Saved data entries

Content starts

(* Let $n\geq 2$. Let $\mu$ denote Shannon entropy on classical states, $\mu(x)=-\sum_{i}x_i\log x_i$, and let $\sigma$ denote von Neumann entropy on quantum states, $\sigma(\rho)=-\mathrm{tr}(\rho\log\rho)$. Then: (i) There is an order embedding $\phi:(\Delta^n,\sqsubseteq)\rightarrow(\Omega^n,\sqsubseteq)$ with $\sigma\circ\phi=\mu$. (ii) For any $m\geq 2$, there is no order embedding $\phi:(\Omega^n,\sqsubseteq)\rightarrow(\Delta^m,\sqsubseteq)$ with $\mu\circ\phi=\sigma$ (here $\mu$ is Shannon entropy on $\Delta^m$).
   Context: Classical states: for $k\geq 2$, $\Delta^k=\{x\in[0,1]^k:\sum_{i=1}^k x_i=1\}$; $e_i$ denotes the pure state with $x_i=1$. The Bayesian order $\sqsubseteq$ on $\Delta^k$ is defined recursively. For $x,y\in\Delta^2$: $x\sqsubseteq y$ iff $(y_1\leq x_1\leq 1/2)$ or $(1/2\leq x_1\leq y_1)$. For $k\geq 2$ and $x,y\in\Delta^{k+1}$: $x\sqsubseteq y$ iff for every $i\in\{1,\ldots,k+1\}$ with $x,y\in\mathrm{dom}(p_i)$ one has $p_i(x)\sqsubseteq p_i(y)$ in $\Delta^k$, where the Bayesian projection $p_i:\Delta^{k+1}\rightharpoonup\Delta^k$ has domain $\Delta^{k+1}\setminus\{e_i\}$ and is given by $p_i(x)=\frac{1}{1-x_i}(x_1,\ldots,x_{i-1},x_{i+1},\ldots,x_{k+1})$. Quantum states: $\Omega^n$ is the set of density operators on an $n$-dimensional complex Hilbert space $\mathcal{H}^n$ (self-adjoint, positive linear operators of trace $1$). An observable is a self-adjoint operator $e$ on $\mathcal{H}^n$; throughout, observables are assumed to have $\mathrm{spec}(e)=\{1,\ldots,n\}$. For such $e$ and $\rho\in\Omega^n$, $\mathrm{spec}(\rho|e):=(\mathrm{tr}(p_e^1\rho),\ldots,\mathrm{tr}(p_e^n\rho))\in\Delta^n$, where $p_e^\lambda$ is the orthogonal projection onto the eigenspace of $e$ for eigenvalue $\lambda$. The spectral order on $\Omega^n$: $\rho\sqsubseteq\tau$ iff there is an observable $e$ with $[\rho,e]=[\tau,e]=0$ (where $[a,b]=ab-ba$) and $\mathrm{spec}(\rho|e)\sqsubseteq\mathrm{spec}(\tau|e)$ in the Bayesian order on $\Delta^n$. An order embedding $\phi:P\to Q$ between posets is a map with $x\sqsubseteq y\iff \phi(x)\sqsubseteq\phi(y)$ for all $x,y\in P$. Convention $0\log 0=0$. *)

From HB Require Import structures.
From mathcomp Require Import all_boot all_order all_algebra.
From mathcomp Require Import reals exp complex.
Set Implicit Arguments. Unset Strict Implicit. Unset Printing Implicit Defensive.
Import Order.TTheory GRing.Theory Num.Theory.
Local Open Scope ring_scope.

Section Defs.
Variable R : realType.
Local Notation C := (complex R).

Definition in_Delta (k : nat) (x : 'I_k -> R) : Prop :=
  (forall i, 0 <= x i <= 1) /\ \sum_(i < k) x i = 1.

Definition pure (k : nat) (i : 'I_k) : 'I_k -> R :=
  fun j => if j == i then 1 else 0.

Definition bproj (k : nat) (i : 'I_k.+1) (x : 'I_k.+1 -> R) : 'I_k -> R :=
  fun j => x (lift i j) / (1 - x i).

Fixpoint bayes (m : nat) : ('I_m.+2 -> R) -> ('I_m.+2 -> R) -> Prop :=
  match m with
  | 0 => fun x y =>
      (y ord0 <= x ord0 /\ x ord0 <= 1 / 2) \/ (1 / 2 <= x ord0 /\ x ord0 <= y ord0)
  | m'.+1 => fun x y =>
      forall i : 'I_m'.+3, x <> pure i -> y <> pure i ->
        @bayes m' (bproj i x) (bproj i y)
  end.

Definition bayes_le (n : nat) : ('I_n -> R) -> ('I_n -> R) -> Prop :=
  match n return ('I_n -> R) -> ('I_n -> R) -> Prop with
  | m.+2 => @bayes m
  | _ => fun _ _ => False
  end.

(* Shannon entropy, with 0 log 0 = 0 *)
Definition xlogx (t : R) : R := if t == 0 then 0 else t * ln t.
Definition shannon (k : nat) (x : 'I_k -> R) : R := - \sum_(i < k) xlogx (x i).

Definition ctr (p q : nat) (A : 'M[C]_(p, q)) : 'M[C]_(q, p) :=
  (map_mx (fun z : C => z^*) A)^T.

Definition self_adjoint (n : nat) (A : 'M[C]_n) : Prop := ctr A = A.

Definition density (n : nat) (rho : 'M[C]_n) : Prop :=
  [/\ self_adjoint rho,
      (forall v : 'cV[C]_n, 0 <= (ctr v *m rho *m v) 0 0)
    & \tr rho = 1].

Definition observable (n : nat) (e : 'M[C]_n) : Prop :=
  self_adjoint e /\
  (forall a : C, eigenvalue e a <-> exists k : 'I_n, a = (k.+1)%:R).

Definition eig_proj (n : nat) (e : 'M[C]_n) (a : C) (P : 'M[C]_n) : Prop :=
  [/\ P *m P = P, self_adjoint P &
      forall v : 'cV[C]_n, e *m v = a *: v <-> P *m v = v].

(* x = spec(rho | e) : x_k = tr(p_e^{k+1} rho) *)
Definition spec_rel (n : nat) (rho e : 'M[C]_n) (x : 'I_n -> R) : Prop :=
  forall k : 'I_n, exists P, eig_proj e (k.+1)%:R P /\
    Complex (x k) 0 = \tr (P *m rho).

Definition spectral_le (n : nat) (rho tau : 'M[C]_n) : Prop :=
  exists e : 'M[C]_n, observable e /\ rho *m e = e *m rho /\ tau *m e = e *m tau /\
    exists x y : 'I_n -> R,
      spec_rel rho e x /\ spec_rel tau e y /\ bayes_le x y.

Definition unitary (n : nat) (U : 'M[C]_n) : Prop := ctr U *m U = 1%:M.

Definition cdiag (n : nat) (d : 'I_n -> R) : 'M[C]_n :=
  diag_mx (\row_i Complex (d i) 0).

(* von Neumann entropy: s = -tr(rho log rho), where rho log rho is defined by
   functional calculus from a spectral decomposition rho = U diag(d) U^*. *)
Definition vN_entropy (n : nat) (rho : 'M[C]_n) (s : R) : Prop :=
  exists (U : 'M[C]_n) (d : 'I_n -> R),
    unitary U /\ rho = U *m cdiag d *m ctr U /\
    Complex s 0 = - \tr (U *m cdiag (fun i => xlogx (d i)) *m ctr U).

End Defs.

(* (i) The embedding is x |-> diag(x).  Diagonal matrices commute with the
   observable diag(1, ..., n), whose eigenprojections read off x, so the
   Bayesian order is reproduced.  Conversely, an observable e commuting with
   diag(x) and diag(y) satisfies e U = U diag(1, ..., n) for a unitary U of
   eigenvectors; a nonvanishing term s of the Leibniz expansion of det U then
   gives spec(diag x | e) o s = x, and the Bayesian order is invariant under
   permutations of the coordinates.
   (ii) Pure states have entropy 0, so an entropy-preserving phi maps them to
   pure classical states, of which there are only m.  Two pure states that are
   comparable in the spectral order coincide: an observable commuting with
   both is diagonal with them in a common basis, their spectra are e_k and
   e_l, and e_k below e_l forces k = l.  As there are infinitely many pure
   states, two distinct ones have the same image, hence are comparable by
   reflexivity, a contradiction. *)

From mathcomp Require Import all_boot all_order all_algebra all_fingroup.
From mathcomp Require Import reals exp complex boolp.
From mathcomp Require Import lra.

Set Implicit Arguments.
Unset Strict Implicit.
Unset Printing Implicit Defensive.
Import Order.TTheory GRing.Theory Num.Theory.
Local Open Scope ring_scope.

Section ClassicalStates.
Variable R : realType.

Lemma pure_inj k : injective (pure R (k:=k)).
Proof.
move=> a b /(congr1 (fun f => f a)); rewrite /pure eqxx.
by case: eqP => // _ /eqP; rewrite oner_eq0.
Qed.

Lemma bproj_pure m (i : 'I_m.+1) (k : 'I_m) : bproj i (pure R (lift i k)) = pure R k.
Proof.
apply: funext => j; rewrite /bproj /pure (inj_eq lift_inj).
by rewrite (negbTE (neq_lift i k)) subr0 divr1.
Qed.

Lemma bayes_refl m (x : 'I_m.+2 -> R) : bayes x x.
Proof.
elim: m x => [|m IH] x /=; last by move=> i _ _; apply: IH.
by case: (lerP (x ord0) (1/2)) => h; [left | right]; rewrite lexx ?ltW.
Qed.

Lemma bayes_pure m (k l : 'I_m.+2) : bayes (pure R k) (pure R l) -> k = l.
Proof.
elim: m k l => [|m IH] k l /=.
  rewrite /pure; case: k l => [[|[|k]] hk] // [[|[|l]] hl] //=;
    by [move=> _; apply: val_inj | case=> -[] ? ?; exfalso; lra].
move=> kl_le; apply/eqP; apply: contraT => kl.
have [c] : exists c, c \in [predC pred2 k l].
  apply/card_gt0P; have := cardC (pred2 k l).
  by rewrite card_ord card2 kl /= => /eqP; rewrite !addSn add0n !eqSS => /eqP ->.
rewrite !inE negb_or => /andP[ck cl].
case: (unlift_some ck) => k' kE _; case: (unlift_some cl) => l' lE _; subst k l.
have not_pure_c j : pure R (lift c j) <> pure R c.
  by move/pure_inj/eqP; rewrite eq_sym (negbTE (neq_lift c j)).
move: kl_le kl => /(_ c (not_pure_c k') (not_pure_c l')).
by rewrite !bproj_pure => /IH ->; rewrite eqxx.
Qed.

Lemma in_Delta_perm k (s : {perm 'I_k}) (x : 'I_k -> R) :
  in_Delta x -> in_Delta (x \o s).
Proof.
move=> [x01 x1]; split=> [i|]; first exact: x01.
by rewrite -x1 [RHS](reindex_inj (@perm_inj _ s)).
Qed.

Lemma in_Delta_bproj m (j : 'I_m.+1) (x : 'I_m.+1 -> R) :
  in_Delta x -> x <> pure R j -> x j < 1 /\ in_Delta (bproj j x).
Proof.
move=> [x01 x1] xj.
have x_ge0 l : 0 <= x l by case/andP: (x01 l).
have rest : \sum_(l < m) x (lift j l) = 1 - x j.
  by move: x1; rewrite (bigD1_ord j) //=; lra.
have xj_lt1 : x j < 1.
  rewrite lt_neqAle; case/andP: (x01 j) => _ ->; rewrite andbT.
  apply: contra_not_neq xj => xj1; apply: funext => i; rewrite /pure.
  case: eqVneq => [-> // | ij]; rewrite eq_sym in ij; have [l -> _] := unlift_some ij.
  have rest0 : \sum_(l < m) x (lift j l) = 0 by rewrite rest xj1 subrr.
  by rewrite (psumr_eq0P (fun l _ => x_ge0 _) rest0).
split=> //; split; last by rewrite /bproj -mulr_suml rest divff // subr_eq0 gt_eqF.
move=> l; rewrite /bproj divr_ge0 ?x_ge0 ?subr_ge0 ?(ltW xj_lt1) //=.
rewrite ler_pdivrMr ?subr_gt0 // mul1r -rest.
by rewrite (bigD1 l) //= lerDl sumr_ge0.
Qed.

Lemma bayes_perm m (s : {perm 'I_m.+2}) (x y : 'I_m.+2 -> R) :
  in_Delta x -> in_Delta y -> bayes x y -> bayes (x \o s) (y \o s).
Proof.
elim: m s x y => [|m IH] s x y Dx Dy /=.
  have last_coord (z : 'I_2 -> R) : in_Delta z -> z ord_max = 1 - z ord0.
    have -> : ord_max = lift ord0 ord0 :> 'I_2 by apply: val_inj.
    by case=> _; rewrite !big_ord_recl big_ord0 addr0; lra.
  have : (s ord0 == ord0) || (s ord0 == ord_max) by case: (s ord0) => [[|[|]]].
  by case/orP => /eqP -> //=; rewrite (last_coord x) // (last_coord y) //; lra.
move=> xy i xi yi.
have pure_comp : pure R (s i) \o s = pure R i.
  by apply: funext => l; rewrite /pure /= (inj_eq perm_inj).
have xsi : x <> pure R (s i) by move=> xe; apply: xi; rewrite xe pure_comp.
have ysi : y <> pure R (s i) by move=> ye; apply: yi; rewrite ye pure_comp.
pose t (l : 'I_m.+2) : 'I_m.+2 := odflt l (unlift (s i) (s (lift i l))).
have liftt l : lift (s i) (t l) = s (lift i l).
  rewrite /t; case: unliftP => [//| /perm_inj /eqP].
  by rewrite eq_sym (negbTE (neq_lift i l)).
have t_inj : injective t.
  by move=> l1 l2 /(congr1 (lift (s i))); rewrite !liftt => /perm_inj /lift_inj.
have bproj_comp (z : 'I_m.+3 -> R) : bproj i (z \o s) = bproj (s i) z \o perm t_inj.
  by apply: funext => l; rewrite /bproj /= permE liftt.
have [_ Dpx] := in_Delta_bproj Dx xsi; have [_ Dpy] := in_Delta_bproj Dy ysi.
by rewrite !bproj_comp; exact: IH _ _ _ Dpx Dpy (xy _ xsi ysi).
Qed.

Content ends

A word-for-word copy of the lines above from the one with "Fixpoint bayes (m" through the one with "(* x = spec(rho", inclusive, is the only output wanted.

Fixpoint bayes (m : nat) : ('I_m.+2 -> R) -> ('I_m.+2 -> R) -> Prop :=
  match m with
  | 0 => fun x y =>
      (y ord0 <= x ord0 /\ x ord0 <= 1 / 2) \/ (1 / 2 <= x ord0 /\ x ord0 <= y ord0)
  | m'.+1 => fun x y =>
      forall i : 'I_m'.+3, x <> pure i -> y <> pure i ->
        @bayes m' (bproj i x) (bproj i y)
  end.

Definition bayes_le (n : nat) : ('I_n -> R) -> ('I_n -> R) -> Prop :=
  match n return ('I_n -> R) -> ('I_n -> R) -> Prop with
  | m.+2 => @bayes m
  | _ => fun _ _ => False
  end.

(* Shannon entropy, with 0 log 0 = 0 *)
Definition xlogx (t : R) : R := if t == 0 then 0 else t * ln t.
Definition shannon (k : nat) (x : 'I_k -> R) : R := - \sum_(i < k) xlogx (x i).

Definition ctr (p q : nat) (A : 'M[C]_(p, q)) : 'M[C]_(q, p) :=
  (map_mx (fun z : C => z^*) A)^T.

Definition self_adjoint (n : nat) (A : 'M[C]_n) : Prop := ctr A = A.

Definition density (n : nat) (rho : 'M[C]_n) : Prop :=
  [/\ self_adjoint rho,
      (forall v : 'cV[C]_n, 0 <= (ctr v *m rho *m v) 0 0)
    & \tr rho = 1].

Definition observable (n : nat) (e : 'M[C]_n) : Prop :=
  self_adjoint e /\
  (forall a : C, eigenvalue e a <-> exists k : 'I_n, a = (k.+1)%:R).

Definition eig_proj (n : nat) (e : 'M[C]_n) (a : C) (P : 'M[C]_n) : Prop :=
  [/\ P *m P = P, self_adjoint P &
      forall v : 'cV[C]_n, e *m v = a *: v <-> P *m v = v].

(* x = spec(rho | e) : x_k = tr(p_e^{k+1} rho) *)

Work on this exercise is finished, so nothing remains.